Ha compulsato i sondaggi che danno a un’eventuale formazione intitolata al premier una percentuale assai ballerina che va dall’11 al 21 per cento. Il che significa, in parole povere, che una forza siffatta potrebbe addirittura non arrivare a due cifre, visto che le insindacabili e implacabili forchette dei sondaggi rivelano che c’è sempre un più 3 o un meno 3 di fronte alle percentuali guadagnate dalle rilevazioni.
Bersani ha conversato anche con il presidente del Consiglio, che gli ha ribadito la sua cautela e la voglia di «non rompere con il Pd». Poi il leader ha lanciato i suoi messaggi: «Sono pronto al confronto televisivo con Monti». E ora aspetta quello che verrà . Conscio del fatto che quella che sembrava una marcia trionfale si sta profilando più complicata di quanto sembrasse.
«Io sono pronto a sfidare Monti», avverte il segretario del Partito democratico. Che aggiunge: «Sono anche disponibile a dire che cosa della sua agenda può andare bene e che cosa no». Ma c’è un’altra novità  che rende il percorso di Bersani meno disagevole. Pier Ferdinando Casini lo ha chiamato e gli ha detto: «Non so quello che accadrà  e non ne sono convinto, un’unica cosa è certa: se cercano di fare dell’Udc la bad company, il listone dove finiscono tutti quelli che hanno dei problemi, si sbagliano di grosso. Io voglio pari dignità ».
Sono voci, consigli, timori, tremori e suggerimenti che lasciano al segretario del Partito democratico la convinzione che tutto sia più complicato di quello che viene raccontato, che l’esito non sia scontato, come non lo è il tentativo di Monti di scendere in campo.
«Non ci servono spot elettorali, élite pronte a prendere le redini, storie che non stanno in piedi: dobbiamo tutti scontrarci con la dura realtà . E per quel che riguarda noi del Pd dobbiamo dimostrare che siamo in grado di governare, che lo faremo bene, senza bisogno di badanti», è la parola di Bersani. In questa guerra di nervi tra il presidente del Consiglio e il segretario del Pd, nonostante le apparenze, il secondo parte avvantaggiato. Non ha promesso futuri possibili e migliori. Non è andato appresso al ministro Riccardi che segnava la differenza tra il rito montiano e quello bersaniano. Anzi. E’ rimasto lì ad attendere quello che sarebbe successo. Sicuro del fatto che il presidente del Consiglio non sarebbe andato oltre la linea tracciata: «I voti li abbiamo noi».

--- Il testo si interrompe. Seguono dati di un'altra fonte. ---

Lemma sum_codeword_size_ge k m : #|T| = (#|U| * 2 ^ k)%N ->
  (m * (m.+1 * m.+1 * 2 ^ m) <= 2 ^ k)%N ->
  ((m - 1) * #|T| <= \sum_x (size (F x).2.1 + size (F x).2.2))%N.
Proof.
move=> cardT budget.
pose w x := (size (F x).2.1 + size (F x).2.2)%N.
have short : (#|[set x | w x < m]| <= #|U| * m.+1 * m.+1 * 2 ^ m)%N.
  exact: card_short_codewords.
have split_T : (#|[set x | w x < m]| + #|[set x | m <= w x]|)%N = #|T|.
  have -> : [set x | m <= w x] = ~: [set x | w x < m].
    by apply/setP => x; rewrite !inE -leqNgt.
  exact: cardsC.
have few_short : (m * #|[set x | w x < m]| <= #|T|)%N.
  apply: leq_trans (leq_mul (leqnn m) short) _.
  rewrite cardT -!mulnA mulnCA leq_mul2l; apply/orP; right.
  by rewrite !mulnA in budget *.
change ((m - 1) * #|T| <= \sum_x w x)%N.
have := markov_sum_nat w m; nia.
Qed.

End ShortCodewords.

Local Open Scope ring_scope.

Section Expectation.

Variables (R : realType) (k : nat).

Lemma card_outcome :
  #|{: outcome k}| = (#|{: k.-tuple bool * k.-tuple bool}| * 2 ^ k)%N.
Proof. by rewrite /outcome card_prod card_tuple card_bool. Qed.

Lemma card_outcome_gt0 : (0 < #|{: outcome k}|)%N.
Proof. by rewrite card_outcome !card_prod !card_tuple card_bool !muln_gt0 expn_gt0. Qed.

Lemma eq_Expect (g h : outcome k -> nat) : g =1 h -> Expect (R := R) g = Expect h.
Proof. by move=> gh; rewrite /Expect (eq_bigr _ (fun x _ => congr1 _ (gh x))). Qed.

Lemma ExpectD (g h : outcome k -> nat) :
  Expect (R := R) (fun x => g x + h x)%N = Expect g + Expect h.
Proof.
by rewrite /Expect -mulrDl -big_split; congr (_ / _); apply: eq_bigr => x _; rewrite natrD.
Qed.

Lemma Expect_eq_const (g : outcome k -> nat) n :
  (forall x, g x = n) -> Expect (R := R) g = n%:R.
Proof.
move=> gn; rewrite (eq_Expect gn) /Expect sumr_const -[X in X / _]mulr_natr mulfK //.
by rewrite pnatr_eq0 -lt0n card_outcome_gt0.
Qed.

Lemma Expect_ge_sum (g : outcome k -> nat) n :
  (n * #|{: outcome k}| <= \sum_x g x)%N -> n%:R <= Expect (R := R) g.
Proof.
by move=> le_n; rewrite /Expect -natr_sum ler_pdivlMr ?ltr0n ?card_outcome_gt0 // -natrM ler_nat.
Qed.

Lemma Expect_size2_ge m
    (F : outcome k -> (k.-tuple bool * k.-tuple bool) * (seq bool * seq bool)) :
  injective F -> (m * (m.+1 * m.+1 * 2 ^ m) <= 2 ^ k)%N ->
  ((m - 1)%N)%:R <= Expect (R := R) (fun x => size (F x).2.1 + size (F x).2.2)%N.
Proof.
by move=> F_inj budget; apply/Expect_ge_sum/(sum_codeword_size_ge F_inj card_outcome).
Qed.

Lemma Expect_size_ge m (F : outcome k -> (k.-tuple bool * k.-tuple bool) * seq bool) :
  injective F -> (m * (m.+1 * m.+1 * 2 ^ m) <= 2 ^ k)%N ->
  ((m - 1)%N)%:R <= Expect (R := R) (fun x => size (F x).2).
Proof.
move=> F_inj budget.
have G_inj : injective (fun x => ((F x).1, ((F x).2, [::] : seq bool))).
  by move=> x y [e1 e2]; apply: F_inj; rewrite [F x]surjective_pairing e1 e2 -surjective_pairing.
by rewrite -(eq_Expect (fun x => addn0 _)); apply: Expect_size2_ge G_inj budget.
Qed.

End Expectation.

Lemma rate_ge1 (R : realType) (S : R) (L : forall k, snCode k -> R) :
  (forall eps, 0 < eps -> exists K, forall k, (K <= k)%N ->
     exists2 C : snCode k, zero_error R C & L k C <= k%:R * (S + eps)) ->
  (forall k m (C : snCode k), zero_error R C ->
     (m * (m.+1 * m.+1 * 2 ^ m) <= 2 ^ k)%N -> ((m - 1)%N)%:R <= L k C) ->
  1 <= S.
Proof.
move=> codes_exist cut_bound; rewrite leNgt; apply/negP => S_lt1.
pose g := 1 - S; have g_gt0 : 0 < g by rewrite subr_gt0.
have [K codes] := codes_exist (g / 2) ltac:(lra).
pose N := Num.Def.archi_bound (2 / g).
have two_g_gt0 : 0 < 2 / g by rewrite divr_gt0.
have N_gt : 2 / g < N%:R by apply/archi_boundP/ltW.
have N_gt0 : (0 < N)%N by rewrite -(ltr0n R); apply: lt_trans N_gt.
have [j K_le_j j_big] := exists_exp2_gt N (maxn 1 K).
have j_lt : (j < 2 ^ j)%N by apply: ltn_expl.
have [C C_ok C_short] := codes (2 ^ j)%N ltac:(lia).
have j_gt0 : (0 < j)%N by lia.
have split_2j : (2 ^ j - 3 * j + 3 * j = 2 ^ j)%N by nia.
have := cut_bound _ _ C C_ok (exp2_budget j_gt0 split_2j).
have -> : (2 ^ j - 3 * j - 1 = 2 ^ j - (3 * j).+1)%N by lia.
rewrite natrB; last by nia.
(* [2^j - (3j+1) <= 2^j (1 - g/2)] contradicts [N (3j+1) < 2^j] as [N > 2/g] *)
move: j_big N_gt C_short; rewrite -(ltr_nat R) natrM.
set a := (2 ^ j)%:R; set b := ((3 * j).+1)%:R; set n := N%:R.
rewrite ltr_pdivrMr // => j_big N_gt.
have b_ge0 : 0 <= b by rewrite ler0n.
have : n * b * g < a * g by rewrite ltr_pM2r.
have : 0 <= (n * g - 2) * b by rewrite mulr_ge0 // subr_ge0 ltW.
have -> : a * (S + g / 2) = a - a * g / 2 by rewrite /g; field.
nra.
Qed.

Section Fsum.

Variable k : nat.

Lemma tnth_fsum (x : outcome k) i :
  tnth (fsum x) i = tnth x.1.1 i (+) tnth x.1.2 i (+) tnth x.2 i.
Proof. exact: tnth_mktuple. Qed.
Lemma prodQ_uiquantale (Q1 Q2 : qops) :
  is_uiquantale Q1 -> is_uiquantale Q2 -> is_uiquantale (prodQ Q1 Q2).
Proof.
move=> [[refl1 anti1 trans1 ub1 lub1] [[mulA1 mulJr1 mulJl1] [one1 [invK1 invM1 invJ1]]]].
move=> [[refl2 anti2 trans2 ub2 lub2] [[mulA2 mulJr2 mulJl2] [one2 [invK2 invM2 invJ2]]]].
split; [|split; [|split]].
- split.
  + by move=> x; split.
  + move=> [x1 x2] [y1 y2] [/= le1 le2] [/= ge1 ge2].
    by rewrite (anti1 _ _ le1 ge1) (anti2 _ _ le2 ge2).
  + by move=> x y z [le1 le2] [le1' le2']; split; [apply: trans1 le1'|apply: trans2 le2'].
  + by move=> S x Sx; split; [apply: ub1|apply: ub2]; exists x.
  + by move=> S z Sz; split; [apply: lub1|apply: lub2] => _ [x /Sz[]] ? ? ->.
- split.
  + by move=> x y z; rewrite /= mulA1 mulA2.
  + by move=> a S; rewrite /= mulJr1 mulJr2 !q_image_comp.
  + by move=> a S; rewrite /= mulJl1 mulJl2 !q_image_comp.
- move=> [x1 x2]; have [l1 r1] := one1 x1; have [l2 r2] := one2 x2.
  by rewrite /= l1 r1 l2 r2.
- split.
  + by move=> [x1 x2]; rewrite /= invK1 invK2.
  + by move=> x y; rewrite /= invM1 invM2.
  + by move=> S; rewrite /= invJ1 invJ2 !q_image_comp.
Qed.

Lemma prodQ_prop_join_one (x : prodQ propQ propQ) :
  q_join (fun y => y = x \/ y = q_one (prodQ propQ propQ)) = q_one (prodQ propQ propQ).
Proof.
by congr pair; apply/propext; split=> // _; exists True; split=> //;
  exists (True, True) => //; right.
Qed.


Section MaxTheory.
Variable R : realType.

Lemma sub_clspan (A : cstar R) (S : A -> Prop) x : S x -> clspan S x.
Proof. by move=> Sx M _; apply. Qed.

Lemma clspan0 (A : cstar R) (S : A -> Prop) : clspan S 0.
Proof. by case: (clspan_closed S). Qed.

Lemma Max_gen_eq (A : cstar R) (S T : A -> Prop) :
  (forall x, S x -> clspan T x) -> (forall x, T x -> clspan S x) ->
  Max_gen S = Max_gen T.
Proof.
move=> ST TS; rewrite /Max_gen; apply: eq_exist; apply/funext => x; apply/propext.
by split=> [/(_ _ (clspan_closed T) ST)|/(_ _ (clspan_closed S) TS)].
Qed.
(* Let $f:\mathbb{R}^n_{>0}\to\mathbb{R}^n_{>0}$ be order-preserving, homogeneous, and multiplicatively convex. Let $\mathcal{C}$ be the set of strongly connected components of $\mathcal{G}(f)$ and $\mathcal{F}$ the set of final classes of $\mathcal{G}(f)$. Then $$r(f)=\max_{C\in\mathcal{C}}r(f^C_0)\quad\text{and}\quad \lambda(f)=\min_{C\in\mathcal{F}}r(f^C_0).$$
   Context: $[n]=\{1,\dots,n\}$; entrywise order. Order-preserving: $x\le y\Rightarrow f(x)\le f(y)$; homogeneous: $f(tx)=tf(x)$ for $t>0$. Multiplicatively convex: each entry of $\log\circ f\circ\exp$ (entrywise $\log,\exp$) is convex on $\mathbb{R}^n$. $f$ extends continuously to an order-preserving homogeneous map on $\mathbb{R}^n_{\ge0}$, also denoted $f$. $P^J_0(x)_j=x_j$ for $j\in J$, $0$ otherwise; $f^J_0=P^J_0fP^J_0$. For $g$ order-preserving homogeneous on $\mathbb{R}^n_{\ge0}$ (or $\mathbb{R}^n_{>0}$): $r(g)=\inf_{x\in\mathbb{R}^n_{>0}}\max_i g(x)_i/x_i$ and $\lambda(g)=\sup_{x\in\mathbb{R}^n_{>0}}\min_i g(x)_i/x_i$. $\mathcal{G}(f)$ is the directed graph on $[n]$ with an arc $i\to j$ when $\lim_{t\to\infty}f(\exp(te_{\{j\}}))_i=\infty$ ($e_{\{j\}}$ the $j$-th standard basis vector). A final class is a strongly connected component with no arcs leaving it. *)

From HB Require Import structures.
From mathcomp Require Import all_boot all_order all_algebra.
From mathcomp Require Import all_classical all_reals all_analysis.
Set Implicit Arguments. Unset Strict Implicit. Unset Printing Implicit Defensive.
Import Order.TTheory GRing.Theory Num.Theory.
Local Open Scope classical_set_scope.
Local Open Scope ring_scope.

Section Defs.
Variables (R : realType) (n : nat).
(* vectors of R^{n+1}, indexed by 'I_n.+1 = [n+1] *)
Notation vec := ('I_n.+1 -> R).

Definition posvec (x : vec) : Prop := forall i, 0 < x i.

Definition order_preserving (f : vec -> vec) : Prop :=
  forall x y, posvec x -> posvec y -> (forall i, x i <= y i) ->
    forall i, f x i <= f y i.

Definition homogeneous (f : vec -> vec) : Prop :=
  forall x t, posvec x -> 0 < t -> f (fun i => t * x i) = (fun i => t * f x i).

Definition vexp (u : vec) : vec := fun i => expR (u i).
(* Let U and V be the domain pairs behind the translations τ (for the C's) and
   τ' (for the D's).  A satisfiable concept E has all its features inside one
   π(d), so by condition (5) no two distinct ~-related domains occur in δ(E).
   For E = C_i ⊓ D_i, whose φ is φ(C_i) ∪ φ(D_i) because C_i and D_i are
   natural, this makes U ∪ V a valid set of pairs, makes σ_(U ∪ V) agree with
   σ_U on φ(C_i) and with σ_V on φ(D_i), and makes the target condition
   automatic.  Moreover σ_(U ∪ V) is determined by τ and τ' alone (it is τ where
   τ moves a feature and τ' elsewhere), so one translation witnesses both
   analogies. *)

Definition merge_transl (F : eqType) (tau tau' : F -> F) (f : F) : F :=
  if tau f != f then tau f else tau' f.

Section Translations.
Variables (CN RN : Type) (F : finType) (k : nat) (Delta : Type).
Variable I : dci CN RN F k Delta.
Implicit Types (C D E : concept CN RN) (U V W : {set 'I_k * 'I_k}).

Definition eqv_free (S : {set 'I_k}) : Prop :=
  {in S &, forall i j, eqv I i j -> i = j}.

Lemma phi_sub C d : interp I C d -> phi I C \subset Defs.pi I d.
Proof. by move=> Cd; apply/subsetP => f; rewrite inE => /asboolP; apply. Qed.

Lemma sub_phi C (G : {set F}) :
  (forall d, interp I C d -> G \subset Defs.pi I d) -> G \subset phi I C.
Proof.
move=> GC; apply/subsetP => f Gf; rewrite inE; apply/asboolP => d Cd.
exact: subsetP (GC d Cd) f Gf.
Qed.

Lemma blk_deltaC C f : f \in phi I C -> blk I f \in deltaC I C.
Proof.
by move=> Cf; rewrite inE; apply/set0Pn; exists f; rewrite in_setI Cf inE eqxx.
Qed.

Lemma deltaCP C i : reflect (exists2 f, f \in phi I C & blk I f = i)
  (i \in deltaC I C).
Proof.
apply: (iffP idP) => [|[f Cf <-]]; last exact: blk_deltaC.
rewrite inE => /set0Pn [f /setIP [Bf Cf]].
by exists f => //; move: Bf; rewrite inE => /eqP.
Qed.

Lemma deltaC_and C D : phi I (CAnd C D) = phi I C :|: phi I D ->
  deltaC I (CAnd C D) = deltaC I C :|: deltaC I D.
Proof.
by move=> phiCD; apply/setP => i; rewrite !inE phiCD setIUr setU_eq0 negb_and.
Qed.

Lemma consistent_sub (G H : {set F}) :
  consistent I H -> G \subset H -> consistent I G.
Proof.
move=> /forall_inP consH GH; apply/forall_inP => X /consH.
by apply: contra => XG; apply: subset_trans GH.
Qed.
Lemma star_Eu i j : star (E i j) = E j i.
Proof. by apply/matrixP => a b; rewrite !mxE conjC_nat andbC. Qed.

Lemma mul_Eu i j k : E i j * E j k = E i k.
Proof. by rewrite /Eu -mulmxE mul_delta_mx. Qed.

Lemma sum_Eu : \sum_(k < n.+1) E k k = 1.
Proof. by rewrite /Eu -(mx1_sum_delta C n.+1). Qed.

Lemma Eu00_compress (M : Mstar C n) : E ord0 ord0 * M * E ord0 ord0 = M ord0 ord0 *: E ord0 ord0.
Proof.
rewrite /Eu -!mulmxE; apply/matrixP => i j; rewrite !mxE.
rewrite (bigD1 ord0) //= big1 => [|k /negbTE k0]; last by rewrite [delta_mx _ _ k j]mxE k0 mulr0.
rewrite addr0 [delta_mx _ _ ord0 j]mxE eqxx mxE (bigD1 ord0) //= big1 => [|k /negbTE k0];
  last by rewrite mxE k0 andbF mul0r.
by rewrite mxE !eqxx andbT addr0; case: (i == ord0); case: (j == ord0);
  rewrite /= ?mulr1 ?mulr0 ?mul0r ?mul1r.
Qed.

Lemma ntr_Eu00 : ntr (E ord0 ord0) = n.+1%:R^-1.
Proof.
rewrite /ntr /mxtrace (bigD1 ord0) //= big1 => [|k /negbTE k0]; last by rewrite mxE k0.
by rewrite mxE !eqxx addr0 mulr1.
Qed.
End MatrixUnits.

(** * The corner embeddings j_X *)

Section CornerEmbedding.
Variables (C : numClosedFieldType) (n : nat) (A B Un : starAlg C).
Variables (iA : A -> B) (iM : Mstar C n -> B) (u : 'I_n.+1 -> 'I_n.+1 -> Un).
Hypotheses (hA : unital_star_hom iA) (hM : unital_star_hom iM) (hu : is_Unc u).
Local Notation E i j := (iM (Eu C i j)).

Definition corner_embedding (X : A) (j : Un -> B) :=
  corner_star_hom (E ord0 ord0) j /\ forall i k, j (u i k) = E ord0 i * iA X * E k ord0.

Lemma corner_embedding_star X jX jXs (Sigma : Un -> Un) :
  corner_embedding X jX -> corner_embedding (star X) jXs ->
  unital_star_hom Sigma -> (forall i k, Sigma (u i k) = star (u k i)) ->
  forall x, jXs x = jX (Sigma x).
Proof.
move=> [cX jXu] [cXs jXsu] hS Su.
apply: corner_hom_eq hu cXs (corner_hom_comp hS cX) _ => i k /=.
rewrite Su (corner_homS cX) jXu jXsu !sa_starM -(star_homS hA) -!(star_homS hM).
by rewrite !star_Eu mulrA.
Qed.

Lemma sum_E_col0_row0 : \sum_(k < n.+1) E k ord0 * E ord0 k = 1.
Proof.
under eq_bigr => k _ do rewrite -(star_homM hM) mul_Eu.
by rewrite -(corner_hom_sum _ _ hM) sum_Eu (star_hom1 hM).
Qed.

Lemma corner_embedding_mul X Y jX jY jXY (W : starAlg C) (k1 k2 Delta : Un -> W)
    (h : W -> B) :
  corner_embedding X jX -> corner_embedding Y jY -> corner_embedding (X * Y) jXY ->
  unital_star_hom Delta ->
  (forall i k, Delta (u i k) = \sum_(l < n.+1) k1 (u i l) * k2 (u l k)) ->
  corner_star_hom (E ord0 ord0) h ->
  (forall x, h (k1 x) = jX x) -> (forall x, h (k2 x) = jY x) ->
  forall x, jXY x = h (Delta x).
Proof.
move=> [_ jXu] [_ jYu] [cXY jXYu] hD Du ch hk1 hk2.
apply: corner_hom_eq hu cXY (corner_hom_comp hD ch) _ => i k /=.
rewrite Du (corner_hom_sum _ _ ch) jXYu (star_homM hA).
under eq_bigr => l _ do rewrite (corner_homM ch) hk1 hk2 jXu jYu.
rewrite (eq_bigr (fun l => E ord0 i * iA X * (E l ord0 * E ord0 l) * iA Y * E k ord0)) =>
  [|l _]; last by rewrite !mulrA.
by rewrite -!mulr_suml -mulr_sumr sum_E_col0_row0 mulr1 mulrA.
Qed.
End CornerEmbedding.

Lemma mem_cat_mid (T : eqType) (l1 l2 : seq T) x : x \in l1 ++ x :: l2.
Proof. by rewrite mem_cat mem_head orbT. Qed.

Lemma sorted_replace (T : eqType) (R : rel T) (l1 l2 : seq T) (e e' : T) :
  sorted R (l1 ++ e :: l2) ->
  (forall x, R x e -> R x e') -> (forall y, y \in l2 -> R e y -> R e' y) ->
  sorted R (l1 ++ e' :: l2).
Proof.
move=> Rl Rle Rer; have Rer' : path R e l2 -> path R e' l2.
  by case: l2 Rer {Rl} => [|b l2] //= Rer /andP [/(Rer b (mem_head _ _)) -> ->].
case: l1 Rl => [|a l1] /=; first exact: Rer'.
by rewrite !cat_path /= => /and3P [-> /Rle -> /Rer'].
Qed.

Definition alternating (T : Type) (s : seq (bool * T)) := sorted (fun a b => a.1 != b.1) s.

Lemma alternatingP (T : Type) (x0 : bool * T) (s : seq (bool * T)) :
  reflect (forall k, (k.+1 < size s)%N -> (nth x0 s k).1 != (nth x0 s k.+1).1)
          (alternating s).
Proof. by case: s => [|q s]; [constructor | exact: (pathP x0)]. Qed.

Lemma free_pairP (C : numClosedFieldType) (B : starAlg C) (psi : B -> C)
    (P1 P2 : B -> Prop) :
  free_pair psi P1 P2 <->
  forall s, s != [::] -> alternating s ->
    (forall q, q \in s -> (if q.1 then P1 else P2) q.2 /\ psi q.2 = 0) ->
    psi (\prod_(q <- s) q.2) = 0.
Proof.
split=> [free s s0 /(alternatingP (true, 0)) alt sP | free s s_gt0 alt sP].
  apply: (free s) => // [|k k_lt]; first by case: s s0 {alt sP}.
  by move: (sP _ (mem_nth (true, 0) k_lt)); case: (nth _ s k) => [[] y].
apply: (free s) => [||q /(nthP (true, 0)) [k k_lt <-]]; first by case: s s_gt0 {alt sP}.
  exact/(alternatingP (true, 0)).
by move: (sP k k_lt); case: (nth _ s k) => [[] y].
Qed.

Section LinearSpan.
Variables (C : numClosedFieldType) (B : starAlg C).
Implicit Types (P Q : B -> Prop) (f : B -> C).

Inductive lspan P : B -> Prop :=
  | lspan0 : lspan P 0
  | lspan_gen x : P x -> lspan P x
  | lspanD x y : lspan P x -> lspan P y -> lspan P (x + y)
  | lspanZ (c : C) x : lspan P x -> lspan P (c *: x).

Lemma lin_fun_lspan0 P f y :
  lin_functional f -> (forall w, P w -> f w = 0) -> lspan P y -> f y = 0.
Proof.
move=> f_lin fP; elim=> [|x /fP //|x z _ fx _ fz|c x _ fx].
- exact: lin_fun0.
- by rewrite (lin_funD f_lin) fx fz addr0.
- by rewrite (lin_funZ f_lin) fx mulr0.
Qed.

Lemma lspan_sub P Q y : (forall w, P w -> lspan Q w) -> lspan P y -> lspan Q y.
Proof. by move=> PQ; elim=> *; [apply: lspan0 | apply: PQ | apply: lspanD | apply: lspanZ]. Qed.

Lemma lspan_lmul P Q z y :
  (forall w, P w -> lspan Q (z * w)) -> lspan P y -> lspan Q (z * y).
Proof.
move=> PQ; elim=> [|x /PQ //|x w _ hx _ hw|c x _ hx].
- by rewrite mulr0; apply: lspan0.
- by rewrite mulrDr; apply: lspanD.
- by rewrite -scalerAr; apply: lspanZ.
Qed.

Lemma lspan_rmul P Q z y :
  (forall w, P w -> lspan Q (w * z)) -> lspan P y -> lspan Q (y * z).
Proof.
move=> PQ; elim=> [|x /PQ //|x w _ hx _ hw|c x _ hx].
- by rewrite mul0r; apply: lspan0.
- by rewrite mulrDl; apply: lspanD.
- by rewrite -scalerAl; apply: lspanZ.
Qed.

Non a caso il premier, prima di sciogliere la Camera, è tornato a chiedere al Pd una spalla e un appoggio. Che non gli mancheranno. A patto che la partita sia giocata a carte scoperte. Perché Bersani non vuole «mangiarsi la coda», a furia di «dipingere sempre lo stesso quadro, come se nulla fosse cambiato o nulla cambiasse». Alla fine dell’ennesima giornata di telefonate, appuntamenti dati e mancati, Bersani si rende conto che il nemico non sta lì a Palazzo Chigi, ma è in casa. Il segretario del Partito democratico per togliere lo scettro e la ragione sociale al governo dei tecnici, si è mostrato pronto sin dall’inizio a escogitare il modo per dare vita a una nuova classe dirigente. E quel modo chiamasi voto delle primarie. Ma anche su questo terreno il Pd, per continuare a conquistare i voti di cui ha bisogno la coalizione del centrosinistra che verrà , è pronto al dialogo. O quanto meno a dare l’impressione di volerlo. E così Bersani comincia a stilare le sue liste elettorali, ben sapendo che anche una vittoria di misura o, addirittura, un pareggio non lo bloccheranno per sempre, ma, comunque, gli faranno perdere voti, consensi e, soprattutto endorsement indispensabili. Anche perché la china lungo la quale potrebbe incamminarsi il Partito democratico è ancora più insidiosa di quello che sembra.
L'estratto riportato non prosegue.